The number of cancer survivors is increasing rapidly with the recent developments in cancer treatments. Cancer survivors comprise a newly formed patient population that needs comprehensive care.1 Cancer survivors have a lifetime risk of high morbidity and mortality and are vulnerable to second-primary cancers, requiring them to be educated about healthy behaviors.2 Therefore, evaluating and managing accompanied comorbidities and survival have become important issues in cancer survivors.3
Clinicians need to understand these issues in cancer survivors to develop follow-up care plans that allow for adequate surveillance, prevention, and management of long-term and late effects of cancer. Comprehensive care is key to developing a cancer control plan in public health.1
In Korea, gastric cancer is the second most common cancer in men.4 A previous study reported that the odds of metabolic syndrome for cancer survivors might differ by cancer type and sex.5 The prevalence of each metabolic syndrome component was significantly higher in cancer survivors than in controls, with a higher prevalence in colorectal, breast, cervical, lung, thyroid, prostate, and bladder cancer survivors but not in gastric and liver cancer survivors.6 Moreover, the fatty liver increases the risk of all-cause and cancer-specific mortality in cancer survivors.7 Recently, international experts proposed redefining non-alcoholic fatty liver disease (NAFLD) as metabolic dysfunction-associated fatty liver disease (MAFLD) based on modified criteria.8
This study compared the prevalence and risk of metabolic syndrome and fatty liver diseases in gastric cancer survivors with healthy controls. Metabolic syndrome, fatty liver by ultrasonography, and MAFLD were assessed in gastric cancer survivors with surgical treatment and gastric cancer survivors with non-surgical treatment compared with non-cancer subjects.

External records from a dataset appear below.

(* Let $(X,T)$ be a minimal Cantor system with a sequence of CKR partitions satisfying (KR1)–(KR6), and let $\lambda\in\mathbb C$ with $|\lambda|=1$. (1) If $\lambda$ is a continuous eigenvalue of $(X,T)$, then $\sup_{1\le k\le C(n)}|\lambda^{h_k(n)}-1|\to0$ as $n\to\infty$. (2) If $$\sum_{m\ge1}\frac{\max_{1\le k\le C(m+1)}h_k(m+1)}{\min_{1\le k\le C(m)}h_k(m)}\ \max_{1\le k\le C(m)}|\lambda^{h_k(m)}-1|<\infty,$$ then $\lambda$ is a continuous eigenvalue of $(X,T)$.
   Context: CKR partitions $\mathcal P(n)=\{T^{-j}B_k(n):1\le k\le C(n),0\le j<h_k(n)\}$ (partitions of $X$, $B_k(n)$ clopen) with $\mathcal P(0)$ trivial, roof $B(n)=\bigcup_kB_k(n)$. (KR1) $B(n+1)\subseteq B(n)$; (KR2) $\mathcal P(n+1)$ refines $\mathcal P(n)$; (KR3) $\bigcap_nB(n)$ is a single point; (KR4) the partitions generate the topology; (KR5) for all $n\ge1$, $k\le C(n-1)$, $l\le C(n)$ some $0\le j<h_l(n)$ has $T^{-j}B_l(n)\subseteq B_k(n-1)$; (KR6) $B(n)\subseteq B_1(n-1)$ for $n\ge1$. A continuous eigenvalue is $\lambda$ with $f\circ T=\lambda f$ for some continuous nonzero $f:X\to\mathbb C$. *)

From Stdlib Require Import Reals Lra Lia List.
Import ListNotations.
Open Scope R_scope.

Record Cx := mkCx { Cre : R; Cim : R }.
Definition Cx0 : Cx := mkCx 0 0.
Definition Cx1 : Cx := mkCx 1 0.
Definition Cx_add (a b : Cx) : Cx := mkCx (Cre a + Cre b) (Cim a + Cim b).
Definition Cx_sub (a b : Cx) : Cx := mkCx (Cre a - Cre b) (Cim a - Cim b).
Definition Cx_mul (a b : Cx) : Cx :=
  mkCx (Cre a * Cre b - Cim a * Cim b) (Cre a * Cim b + Cim a * Cre b).
Fixpoint Cx_pow (a : Cx) (n : nat) : Cx :=
  match n with O => Cx1 | S m => Cx_mul a (Cx_pow a m) end.
Definition Cx_norm (a : Cx) : R := sqrt (Cre a * Cre a + Cim a * Cim a).

Definition is_metric {X : Type} (d : X -> X -> R) : Prop :=
  (forall x y, 0 <= d x y) /\ (forall x y, d x y = 0 <-> x = y) /\
  (forall x y, d x y = d y x) /\ (forall x y z, d x z <= d x y + d y z).

Definition is_open {X : Type} (d : X -> X -> R) (U : X -> Prop) : Prop :=
  forall x, U x -> exists eps, eps > 0 /\ forall y, d x y < eps -> U y.
Definition is_closed {X : Type} (d : X -> X -> R) (U : X -> Prop) : Prop :=
  is_open d (fun x => ~ U x).
Definition is_clopen {X : Type} (d : X -> X -> R) (U : X -> Prop) : Prop :=
  is_open d U /\ is_closed d U.

Definition seq_converges {X : Type} (d : X -> X -> R) (u : nat -> X) (l : X) : Prop :=
  forall eps, eps > 0 -> exists N, forall n, (n >= N)%nat -> d (u n) l < eps.

(* compactness of a metric space = sequential compactness *)
Definition compact_space {X : Type} (d : X -> X -> R) : Prop :=
  forall u : nat -> X, exists (phi : nat -> nat) (l : X),
    (forall n, (phi n < phi (S n))%nat) /\ seq_converges d (fun n => u (phi n)) l.

Definition connected_subset {X : Type} (d : X -> X -> R) (A : X -> Prop) : Prop :=
  ~ exists U V : X -> Prop, is_open d U /\ is_open d V /\
      (forall x, A x -> U x \/ V x) /\ (exists x, A x /\ U x) /\
      (exists x, A x /\ V x) /\ (forall x, A x -> U x -> V x -> False).

Definition totally_disconnected {X : Type} (d : X -> X -> R) : Prop :=
  forall A : X -> Prop, connected_subset d A -> forall x y, A x -> A y -> x = y.

Definition no_isolated_points {X : Type} (d : X -> X -> R) : Prop :=
  forall x eps, eps > 0 -> exists y, y <> x /\ d x y < eps.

The data from a health check-up screening registry of 17,497 participants who visited the Gangnam Severance Hospital from 2014 to 2019 for a health check-up were used. The participants were offered health-screening examinations by their employers or voluntarily participated in health evaluation follow-up programs. The information obtained in the questionnaire included the frequency of alcohol consumption per week and the average amount of alcohol consumed at once.
Studies on gastric cancer survivors presented different criteria for gastric cancer survivors.9-12 Patients were considered gastric cancer survivors if they satisfied all the following criteria: (1) patients who had cancer in the past, (2) had completed initial cancer management, and (3) had no apparent evidence of recurrence for more than three years for patients who underwent endoscopic treatment or non-surgical treatment and for more than five years for patients who survived surgical treatment. Non-cancer subjects were individuals who had not been diagnosed with gastric cancer.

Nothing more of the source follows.